Titular Professors
Professors
None
The students acquire the knowledge and develop the following abilities:
1. To understand a real problem with all their conditions and their limitations.
2. To withdraw the important contents from the real problems in order to analyze them correctly and to be able to make them explicit.
3. To find out adequate and precise solutions for the real problems.
4. To choose, among all the possible solutions, the most efficient one.
5. To learn a pseudocode to improve the reflection about an imperative language.
6. To order different sentences correctly.
7. To understand how a program works without being necessary to execute it.
8. To reach the basic knowledge to carry out a structured and modulated programming.
9. To master the notions of a real imperative language (C language).
10. To design and use existent components in order to obtain more complex algorithms.
11. To know a real program environment that allows putting into practice the daily programs.
12. To work as a team in the domain of analysis, design and the software implementation.
13. To acquire continued work and study habits.
Chapter 1. Introduction
Chapter 2. Introduction to algorithms
Chapter 3. Functions and procedures
Chapter 4. Structured data types
Chapter 5. Files and modular programming
Chapter 6. Pointers and dynamic memory
Chapter 7. Linear data structures
Chapter 8. Introduction to recursion
The Programming classes want to promote the students' active learning through their involvement in the learning process.
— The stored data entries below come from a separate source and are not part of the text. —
Lemma spanN_of_spanMX (F : seq (seq M)) q d : span (D:=modMX M) F q ->
  span (D:=modMXN M) [seq (p, [::] : denN R) | p <- F] (q, d).
Proof.
case=> b [hb hq]; elim: F b q hb hq => [|p F IH] [|c b] q //= hb hq.
  exists [::]; split => //; apply: eqMXN_of_conv.
  by move/eqMX_coefs: hq => /= ->; rewrite /lincomb /= coefs_nil !conv0r.
case: hb => hb.
have [a [ha /eqMXN_conv [w [hw h]]]] := IH b _ hb (sm_refl (setoid_lmodMX M) _).
set Q := lincomb (D:=modMXN M) a _ in h.
exists ((c, d) :: a); split; first by rewrite /= ha.
rewrite lincombN_cons; apply/eqMXN_conv; exists w; split => //.
move/eqMX_coefs: hq; rewrite lincomb_cons coefs_addMX coefs_scaleMX => ->.
rewrite /= coefs_addMX !coefs_scaleMX !denv_cat denv_nil mulr1 !convDr.
congr (_ \+ _); first by rewrite -!convM; congr conv; ring.
move: h => /= h.
rewrite -!convM (_ : w * (denv d * denv Q.2) = denv d * (w * denv Q.2)); last by ring.
by rewrite convM h -convM; congr conv; ring.
Qed.

End Extension.

Lemma choice_Forall2 (A B : Type) (P : A -> B -> Prop) (Q : B -> Prop) (l : seq A) :
  (forall x, List.In x l -> exists2 y, P x y & Q y) ->
  exists2 l', List.Forall2 P l l' & forall y, List.In y l' -> Q y.
Proof.
elim: l => [|x l IH] hl; first by exists [::].
have [y hxy hy] := hl x (or_introl erefl).
have [l' hll' hl'] := IH (fun z hz => hl z (or_intror hz)).
by exists (y :: l') => [|z /= [<-|hz]]; [constructor | | apply: hl'].
Qed.

Section CoefficientSubmodules.
Variables (R : comNzRingType) (M : lmodType R).
Implicit Types (L : M -> Prop) (p : seq M).

Definition coefwise L p := forall k, L p`_k.

Lemma submodule_sum L n (G : 'I_n -> M) : submodule (D:=modM M) L ->
  (forall i, L (G i)) -> L (\sum_(i < n) G i).
Proof. by case=> _ L0 La _ hG; apply: big_ind. Qed.

Lemma coefwise_submodule L : submodule (D:=modM M) L ->
  submodule (D:=modMX M) (coefwise L).
Proof.
move=> hL; case: (hL) => _ L0 La Ls; split.
- by move=> x y hxy hx k; rewrite -(hxy k).
- by move=> k; rewrite nth_nil.
- by move=> x y hx hy k; rewrite nth_addMX; apply: La.
- move=> a x hx k; rewrite nth_scaleMX; apply: submodule_sum => // i.
  by apply: Ls; exact: hx.
Qed.

Lemma coefwise_seq1 L m : submodule (D:=modM M) L -> L m -> coefwise L [:: m].
Proof. by case=> _ L0 _ _ hm [|k] //=; rewrite nth_nil. Qed.

Lemma coefwise_In L p m : coefwise L p -> List.In m p -> L m.
Proof.
elim: p => [//|x p IH] hp /= [<-|hm]; first exact: hp 0%N.
exact: IH (fun k => hp k.+1) hm.
Qed.

Lemma coefwise_of_In L p : L 0 -> (forall m, List.In m p -> L m) -> coefwise L p.
Proof.
move=> L0; elim: p => [|x p IH] hp [|k] /=; rewrite ?nth_nil //.
  by apply: hp; left.
by apply: IH => m hm; apply: hp; right.
Qed.

Lemma lincombMX_coef0 (a : seq {poly R}) (F : seq (seq M)) :
  (lincomb (D:=modMX M) a F)`_0
  = lincomb (D:=modM M) [seq f`_0 | f : {poly R} <- a] [seq p`_0 | p <- F].
Proof.
elim: F a => [|x F IH] [|c a] //=.
rewrite lincomb_cons nth_addMX nth_scaleMX IH.
by rewrite /conv big_ord1.
Qed.

(* Write 1 = sum_k r_k w_k. *)
Lemma submodule_Nset_scale L w m : submodule (D:=modM M) L ->
  Nset w -> (forall k, L (w`_k *: m)) -> L m.
Proof.
move=> hL hw hk; case: (hw 1) => r hr.
have -> : m = \sum_(i < size w) r`_i *: (w`_i *: m).
  by rewrite -[m in LHS]scale1r hr scaler_suml; apply: eq_bigr => i _; rewrite scalerA.
by apply: submodule_sum => // i; case: hL => _ _ _ Ls; exact: Ls.
Qed.

End CoefficientSubmodules.

Section Transfer.
Variables (R : comNzRingType) (M : lmodType R) (S : R -> Prop).

Lemma S_Noetherian_M_of_MX :
  S_Noetherian (modMX M) (S_in_poly S) -> S_Noetherian (modM M) S.
Proof.
move=> h2 L hL.
have [_ [G [[s [hs ->]] [_ [F hF]] hLG hGL]]] := h2 _ (coefwise_submodule hL).
exists s, (span (D:=modM M) [seq p`_0 | p <- F]); split => //.
- exact: fin_gen_span (setoid_lmodM M) _.
- move=> m hm; have /hF [a [ha he]] := hLG _ (coefwise_seq1 hL hm).
  exists [seq f`_0 | f : {poly R} <- a]; split; first by rewrite !size_map.
  by have := he 0%N; rewrite lincombMX_coef0 nth_scaleMXC.
- move=> x; apply: (span_sub (setoid_lmodM M) hL) => y /List.in_map_iff [p [<- hp]].
  exact: hGL _ ((hF p).2 (span_In (setoid_lmodMX M) hp)) 0%N.
Qed.

Lemma S_Noetherian_MXN_of_MX :
  S_Noetherian (modMX M) (S_in_poly S) -> S_Noetherian (modMXN M) (S_in_polyN S).
Proof.
move=> h2 L' hL'; case: (hL') => L'e L'0 L'a L's.
pose L p := L' (p, [::] : denN R).
have hL : submodule (D:=modMX M) L.
  split.
  - by move=> p q hpq; apply: L'e; exact: eqMXN_pair.
  - exact: L'0.
  - move=> p q hp hq; apply: L'e (L'a _ _ hp hq); apply: eqMXN_pair => //.
    by apply/eqMX_coefs; rewrite /= !coefs_addMX !coefs_scaleMX denv_nil !conv1.
  - by move=> a p; apply: (L's (a, [::])).
have [_ [G [[s [hs ->]] [hG [F hF]] hLG hGL]]] := h2 _ hL.
pose FN := [seq (p, [::] : denN R) | p <- F].
exists (s%:P, [::]), (locN G); split; first by exists s.
- split; first exact: locN_submodule.
  exists FN => x; split.
    case=> q [d [/hF hq hx]]; have [a [ha hxa]] := spanN_of_spanMX d hq.
    by exists a; split => //; exact: eqMXN_trans hx hxa.
  case=> a [ha hx]; exists (lincomb a FN).1, (lincomb a FN).2.
  rewrite -surjective_pairing; split => //.
  apply: lincombN_numer hG _ => y /List.in_map_iff [p [<- hp]].
  exact/hF/(span_In (setoid_lmodMX M)).
- case=> p d hx; exists (scaleMX s%:P p), d; split; last exact: eqMXN_refl.
  apply: hLG; apply: L'e (L's (denv d, [::]) _ hx); apply: eqMXN_of_conv.
  by rewrite /= denv_nil conv1 coefs_scaleMX.
- move=> x [q [d [hq hx]]]; apply: L'e (L's (1, d) _ (hGL _ hq)).
  apply: eqMXN_trans (eqMXN_sym hx); apply: eqMXN_of_conv.
  by rewrite /= coefs_scaleMX conv1 denv_cat denv_nil mulr1.
Qed.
From the first day, the student is an active member and learns as the student carries out the different activities on their laptop. To solve these activities, the student must take the initiative, study and read some documentation. As such, a computer is an essential tool for the student to successfully achieve the learning outcomes of this subject.
The classes are designed for the student to code software every day. The theoretical classes are combined with practical sessions where the student can validate the reliability of the acquired knowledge.
The student's acquired knowledge is reinforced during the classes by performing three individual projects for every semester, which cover the concepts that are taught throughout the academic year. At the same time, the student can also do the Continuous Assessment of the course, which consists of weekly labs that examine the concepts learned during the previous week.
The main assessment activities of the course are: semester exams, projects (2 per semester), and continuous assessment sessions.
The Programming course consists of two semesters, which have the same weight in the final grade of the subject:
Final grade: 50% S1 grade + 50% S2 grade.
In order to carry out this calculation, students must pass both semesters independently, with a grade higher or equal to 5. In case a student, at the end of the academic year, only passes one of the two semesters, this grade will be kept for the following academic year (just one semester grade).
The grade for each semester is composed of two distinct parts, the Knowledge grade, and the Project grade. Both parts also have the same weight in the calculation of the semester grade and must be passed independently with a minimum grade of 5:
Semester grade: 50% Knowledge grade + 50% Project grade.
The Knowledge grade is whichever is higher among the following grades:
Semester´s final exam grade.
70% Final exam grade + 30% CA grade (as long as the final exam grade is at least 4).
The Project Grade is calculated from the individual grades of each project in the semester (must be passed independently), according to the following calculation:
Project Grade: 50% P1 grade + 50% P2 grade.
In case 50% of the highly important academic activities have not been submitted, the final grade for the semester will be a Not Presented (NP).
The CA grade is calculated based on the grades from the lab sessions on a semester basis as well as other activities that can be occasionally done. At the end of each semester, the CA activity with the lowest grade will be discarded, being excluded from the CA average. As such, the calculation of the CA grade for each semester will be made as follows:
CA grade = Average grade of the CA activities discarding the lowest grade.
Continuous Assessment is optional abut can help to improve the Knowledge grade.
Cormen, Thomas H.; Leiserson Charles E.; Rivest Ronald L; Stein Clifford. Introduction to Algorithms, The MIT Press, 2009.
García-Bermejo, J.R. Programación Estructurada en C, Pearson/Prentice-Hall, 2008.
Hanly, Jerry R.; Koffman, Elliot B.; Problem Solving and Program Design in C, Pearson Education, 2013.
Joyanes, L. Fundamentos de la programación. Algoritmos y Estructura de Datos, McGraw-Hill, 2008.
Kernighan, Brian W.; Ritchie, Dennis M. El lenguaje de programación C, Prentice-Hall Hispanoamericana, 1991.
Kruse, Robert Leroy; Tondon, Clovis L.; Leung, Bruce P. Data structures and program design in C, Prentice-Hall, 1997.
Weiss, Mark Allen. Estructuras de datos y algoritmos, Addison-Wesley Iberoamericana, 1995.